**PROBLEM STATEMENT**
Report each line of the records below that holds the word "Hypothesis".

::: EXERCISE INPUTS :::

Lemma xlog2_excess_superadditive a b : (0 < a)%N -> (0 < b)%N ->
  xlog2_excess a + xlog2_excess b < xlog2_excess (a + b).
Proof.
move=> a_gt0 b_gt0; pose d k : R := xlog2 k.+1%:R - xlog2 k%:R.
have d_lt : {homo d : i j / (i < j)%N >-> i < j}.
  exact: Order.NatMonotonyTheory.homo_ltn_lt xlog2_increment_lt.
have telescope u v : (u <= v)%N -> xlog2 v%:R - xlog2 u%:R = \sum_(u <= k < v) d k.
  by move=> le_uv; rewrite telescope_sumr.
suff : xlog2 b.+2%:R - xlog2 2%:R < xlog2 (a + b).+2%:R - xlog2 a.+2%:R :> R.
  by rewrite /xlog2_excess xlog2_2; lra.
rewrite (_ : (a + b).+2 = b.+2 + a)%N; last by lia.
rewrite !telescope //; last by lia.
rewrite -[a.+2]/(2 + a)%N big_addn addnK ltr_sum_nat // => k _.
by apply: d_lt; lia.
Qed.

End Convexity.

Section Superadditive.
Local Open Scope ring_scope.
Variables (R : realDomainType) (h : nat -> R).
Hypothesis h0 : h 0%N = 0.
Hypothesis h_superadditive :
  forall a b, (0 < a)%N -> (0 < b)%N -> h a + h b < h (a + b).

Lemma superadditive_le a b : h a + h b <= h (a + b).
Proof.
have [->|a_gt0] := posnP a; first by rewrite h0 add0r.
have [->|b_gt0] := posnP b; first by rewrite h0 addr0 addn0.
exact/ltW/h_superadditive.
Qed.

Lemma sum_superadditive_le (s : seq nat) : \sum_(t <- s) h t <= h (sumn s).
Proof.
elim: s => [|t s IH]; first by rewrite big_nil h0.
by rewrite big_cons (le_trans _ (superadditive_le t (sumn s))) // lerD2l.
Qed.

Lemma sum_superadditive_eq (s : seq nat) :
  \sum_(t <- s) h t = h (sumn s) -> (count (fun t => 0 < t) s <= 1)%N.
Proof.
elim: s => // t s IH; rewrite big_cons /= => sum_eq.
have le_s := sum_superadditive_le s.
have [t0|t_gt0] := posnP t.
  by rewrite add0n IH //; move: sum_eq; rewrite t0 h0 add0r add0n.
have [/eqP/natnseq0P -> | s_gt0] := posnP (sumn s); first by rewrite count_nseq.
by have := h_superadditive t_gt0 s_gt0; lra.
Qed.

End Superadditive.

Section SkewedRunlengths.
Implicit Type s : seq nat.

Lemma size_le_sumn s : all (fun r => 0 < r) s -> size s <= sumn s.
Proof. by elim: s => //= r s IH /andP[r_gt0 /IH]; lia. Qed.

Lemma sumn_predn s : all (fun r => 0 < r) s -> sumn [seq r.-1 | r <- s] = sumn s - size s.
Proof.
elim: s => //= r s IH /andP[r_gt0 s_gt0]; rewrite IH //.
by have := size_le_sumn s_gt0; lia.
Qed.

Lemma eq_nseq1 s : all (fun r => 0 < r) s -> count (fun r => 1 < r) s = 0 -> s = nseq (size s) 1.
Proof.
elim: s => //= r s IH /andP[r_gt0 s_gt0]; case: ltnP => // r_le1 /= /(IH s_gt0) def_s.
by rewrite def_s size_nseq; congr (_ :: _); lia.
Qed.

Lemma perm_eq_skewed s : s != [::] -> all (fun r => 0 < r) s ->
  count (fun r => 1 < r) s <= 1 ->
  perm_eq s ((sumn s - (size s).-1) :: nseq (size s).-1 1).
Proof.
elim: s => // r s IH _ /= /andP[r_gt0 s_gt0].
case: s IH s_gt0 => [|r' s] IH s_gt0; first by rewrite /= addn0 subn0 addn0.
have [r_gt1|r_le1] := ltnP 1 r.
  rewrite add1n ltnS leqn0 => /eqP /(eq_nseq1 s_gt0) def_t.
  by rewrite {2}def_t sumn_nseq mul1n addnK -def_t.
rewrite (_ : r = 1) /=; last by lia.
move=> /(IH isT s_gt0) perm_t; have /= le_size_sum := size_le_sumn s_gt0.
rewrite -(perm_cons 1) in perm_t; apply: perm_trans perm_t _ => /=.
rewrite (_ : 1 + _ - _ = r' + sumn s - size s); last by lia.
by apply/permPl; exact: (perm_catCA [:: 1] [:: _]).
Qed.

End SkewedRunlengths.

Section RunlengthBound.
Variable R : realType.
Local Open Scope ring_scope.
Implicit Type s : seq nat.

Definition skewed_bound (M K : nat) : R := xlog2 (M - K + 2)%:R + 2 * (K - 1)%:R.

Lemma xlog2_excess0 : xlog2_excess R 0 = 0.
Proof. by rewrite /xlog2_excess xlog2_2 subrr. Qed.

Lemma sum_xlog2_excess s : all (fun r => 0 < r)%N s ->
  \sum_(r <- s) xlog2 r.+1%:R =
  \sum_(t <- [seq r.-1 | r <- s]) xlog2_excess R t + 2 * (size s)%:R.
Proof.
elim: s => [|r s IH] /=; first by rewrite !big_nil mulr0 addr0.
case/andP=> r_gt0 /IH s_sum; rewrite !big_cons s_sum /xlog2_excess prednK // -natr1.
lra.
Qed.

Lemma skewed_boundE s : (0 < size s)%N -> all (fun r => 0 < r)%N s ->
  skewed_bound (sumn s) (size s) =
  xlog2_excess R (sumn [seq r.-1 | r <- s]) + 2 * (size s)%:R.
Proof.
move=> s_ne0 s_gt0; rewrite sumn_predn //.
rewrite /skewed_bound /xlog2_excess addn2 -(prednK s_ne0) subn1 /= -natr1; lra.
Qed.

Lemma sum_xlog2_le_skewed_bound s : (0 < size s)%N -> all (fun r => 0 < r)%N s ->
  \sum_(r <- s) xlog2 r.+1%:R <= skewed_bound (sumn s) (size s).
Proof.
move=> s_ne0 s_gt0; rewrite sum_xlog2_excess // skewed_boundE // lerD2r.
exact: sum_superadditive_le (@xlog2_excess0) (@xlog2_excess_superadditive R) _.
Qed.

Lemma sum_xlog2_eq_skewed_bound s : (0 < size s)%N -> all (fun r => 0 < r)%N s ->
  \sum_(r <- s) xlog2 r.+1%:R = skewed_bound (sumn s) (size s) ->
  perm_eq s ((sumn s - (size s).-1)%N :: nseq (size s).-1 1%N).
Proof.
move=> s_ne0 s_gt0; rewrite sum_xlog2_excess // skewed_boundE // => /addIr.
move/(sum_superadditive_eq (@xlog2_excess0) (@xlog2_excess_superadditive R)).
rewrite count_map (eq_count (a2 := fun r => 1 < r)%N) => [|r]; last exact: ltn_predRL.
by apply: perm_eq_skewed; rewrite // -size_eq0 -lt0n.
Qed.

Lemma sum_xlog2_skewed k j :
  \sum_(r <- k.+1 :: nseq j 1%N) xlog2 r.+1%:R = skewed_bound (k + j).+1 j.+1.
Proof.
rewrite big_cons big_nseq /skewed_bound subSS addnK addn2 subn1 /=.
by rewrite iter_addr_0 xlog2_2 mulr_natr.
Qed.

End RunlengthBound.

Local Open Scope ring_scope.

Theorem lemma8 (R : realType) (q n Rr : nat) :
  (2 <= q)%N -> (2 <= n)%N -> (1 <= Rr)%N -> (Rr <= n.-1)%N ->
  let m := n.-1 in
  let Hmin : R :=
    log2 ((n * q)%:R) -
    (((m - Rr + 2)%N)%:R * log2 (((m - Rr + 2)%N)%:R) + 2 * (Rr - 1)%:R)
      / (n * q)%:R in
  [/\ exists y : m.-tuple 'I_q, nruns y = Rr /\ @HIn1Del R q n y = Hmin,
      forall y : m.-tuple 'I_q, nruns y = Rr -> Hmin <= @HIn1Del R q n y
    & forall y : m.-tuple 'I_q, nruns y = Rr -> @HIn1Del R q n y = Hmin ->
        skewed m Rr y].
Proof.
move=> q_ge2 n_ge2 Rr_gt0 Rr_le_m m Hmin.
have q_gt0 : (0 < q)%N by lia.
have N_gt0 : 0 < (n * q)%:R :> R by rewrite ltr0n muln_gt0; lia.
have HIn_runs (y : m.-tuple 'I_q) : HIn1Del q n y =
    log2 (n * q)%:R - (\sum_(r <- runlengths y) xlog2 r.+1%:R) / (n * q)%:R.
  by apply: HIn1Del_runlengths; rewrite // size_tuple /m; lia.
have -> : Hmin = log2 (n * q)%:R - skewed_bound R m Rr / (n * q)%:R by [].
have runs_shape (y : m.-tuple 'I_q) : nruns y = Rr ->
    sumn (runlengths y) = m /\ size (runlengths y) = Rr.
  by rewrite sumn_runlengths size_tuple.
split.
- pose a : 'I_q := Ordinal q_gt0; pose b : 'I_q := Ordinal q_ge2.
  have size_y : size (nseq (m - Rr).+1 a ++ zigzag b a (Rr - 1)) == m.
    by rewrite size_cat size_nseq size_zigzag; apply/eqP; lia.
  have runs_y : runlengths (Tuple size_y) = (m - Rr).+1 :: nseq (Rr - 1) 1%N.
    exact: runlengths_skewed.
  exists (Tuple size_y); rewrite /nruns HIn_runs runs_y /= size_nseq sum_xlog2_skewed.
  by split; [lia | rewrite (_ : (m - Rr + (Rr - 1)).+1 = m)%N ?subn1 ?prednK //; lia].
- move=> y /runs_shape [sum_y size_y].
  rewrite HIn_runs lerD2l lerN2 ler_pM2r ?invr_gt0 //.
  have := @sum_xlog2_le_skewed_bound R (runlengths y).
  by rewrite sum_y size_y runlengths_gt0; apply.
- move=> y /runs_shape [sum_y size_y].
  rewrite HIn_runs => /addrI /oppr_inj /(mulIf (invr_neq0 (lt0r_neq0 N_gt0))).
  have := @sum_xlog2_eq_skewed_bound R (runlengths y).
  by rewrite /skewed sum_y size_y subn1 runlengths_gt0; apply.
Qed.
(* Let $G$ be a graph with maximum degree $2$ and $k$ a positive integer. If $G$ has no path components with at least $k-1$ vertices and $0<s(G,P_k)\le 2k+1$, then $G$ has exactly one component with more than $k$ vertices, and this component is a cycle with $s(G,P_k)$ vertices.
   Context: $P_k$ is the path with $k$ vertices; $s(G,H)$ is the number of vertex subsets $X\subseteq V(G)$ such that $G[X]$ is isomorphic to $H$. *)

From mathcomp Require Import all_boot.
Set Implicit Arguments. Unset Strict Implicit. Unset Printing Implicit Defensive.

(* A finite simple graph: vertex type T : finType, adjacency e : rel T,
   assumed symmetric and irreflexive in the theorem. *)

Definition path_rel (n : nat) : rel 'I_n :=
  fun i j => (i.+1 == j :> nat) || (j.+1 == i :> nat).

Arguments path_rel n : clear implicits.

(* Cycle C_n on vertices 'I_n (meaningful for n >= 3): i ~ i+1 mod n. *)
Definition cycle_rel (n : nat) : rel 'I_n :=
  fun i j => ((i.+1 %% n) == j :> nat) || ((j.+1 %% n) == i :> nat).

Arguments cycle_rel n : clear implicits.

Definition induced_iso (T : finType) (e : rel T) (X : {set T}) (n : nat)
  (h : rel 'I_n) : bool :=
  [exists f : {ffun 'I_n -> T},
     [&& injectiveb f, f @: setT == X &
        [forall i, forall j, e (f i) (f j) == h i j]]].

Definition s_path (T : finType) (e : rel T) (k : nat) : nat :=
  #|[set X : {set T} | induced_iso e X (path_rel k)]|.

Definition degree (T : finType) (e : rel T) (x : T) : nat := #|[set y | e x y]|.

Definition max_degree_two (T : finType) (e : rel T) : Prop :=
  (forall x, degree e x <= 2) /\ exists x, degree e x = 2.

Definition components (T : finType) (e : rel T) : {set {set T}} :=
  [set [set y | connect e x y] | x : T].

Definition is_path_set (T : finType) (e : rel T) (C : {set T}) : bool :=
  induced_iso e C (path_rel #|C|).

Definition is_cycle_set (T : finType) (e : rel T) (C : {set T}) : bool :=
  (3 <= #|C|) && induced_iso e C (cycle_rel #|C|).

From mathcomp Require Import all_boot zify.
Set Implicit Arguments. Unset Strict Implicit. Unset Printing Implicit Defensive.

(* In a graph of maximum degree at most 2 every component is a path or a
   cycle: a longest path inside a component cannot be prolonged, so by the
   degree bound its vertex set is closed under adjacency and is the whole
   component.  An induced copy of P_k is connected, hence lies in a single
   component; path components are too small to hold one and a cycle of length
   exactly k is not a path, so it lies in a cycle of length m > k, where the
   copies are exactly the m arcs of k consecutive vertices.  Thus s(G, P_k) is
   the sum of the lengths of the cycle components longer than k; each term
   exceeds k, so s(G, P_k) <= 2k + 1 allows exactly one term. *)

Lemma modnS_case a n : 0 < n ->
  a.+1 %% n = if (a %% n).+1 == n then 0 else (a %% n).+1.
Proof.
move=> n_gt0; rewrite -addn1 -modnDml; have : a %% n < n by lia.
case: eqP => [an _ | an lt]; first by rewrite addn1 an modnn.
rewrite modn_small; lia.
Qed.

Lemma modnDpred_case a n : 0 < n ->
  (a + n.-1) %% n = if a %% n == 0 then n.-1 else (a %% n).-1.
Proof.
move=> n_gt0; rewrite -modnDml; have : a %% n < n by lia.
case: eqP => [-> _ | an lt]; first by rewrite add0n modn_small; lia.
have -> : a %% n + n.-1 = (a %% n).-1 + n by lia.
rewrite modnDr modn_small; lia.
Qed.

Definition component (T : finType) (e : rel T) (x : T) : {set T} :=
  [set y | connect e x y].

Section Components.
Variables (T : finType) (e : rel T).

Lemma component_in_components x : component e x \in components e.
Proof. exact: imset_f. Qed.

Lemma componentsP D : D \in components e -> exists x, D = component e x.
Proof. by case/imsetP=> x _ ->; exists x. Qed.

Hypothesis e_sym : symmetric e.

Lemma components_meet C D z :
  C \in components e -> D \in components e -> z \in C -> z \in D -> C = D.
Proof.
have compE x : z \in component e x -> component e x = component e z.
  rewrite inE => xz; apply/setP => y; rewrite !inE.
  by rewrite (same_connect (sym_connect_sym e_sym) xz).
by move=> /componentsP[x ->] /componentsP[y ->] /compE -> /compE ->.
Qed.

End Components.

:::

**RESULT OF THIS TASK**
Hypothesis h0 : h 0%N = 0.
Hypothesis h_superadditive :
Hypothesis e_sym : symmetric e.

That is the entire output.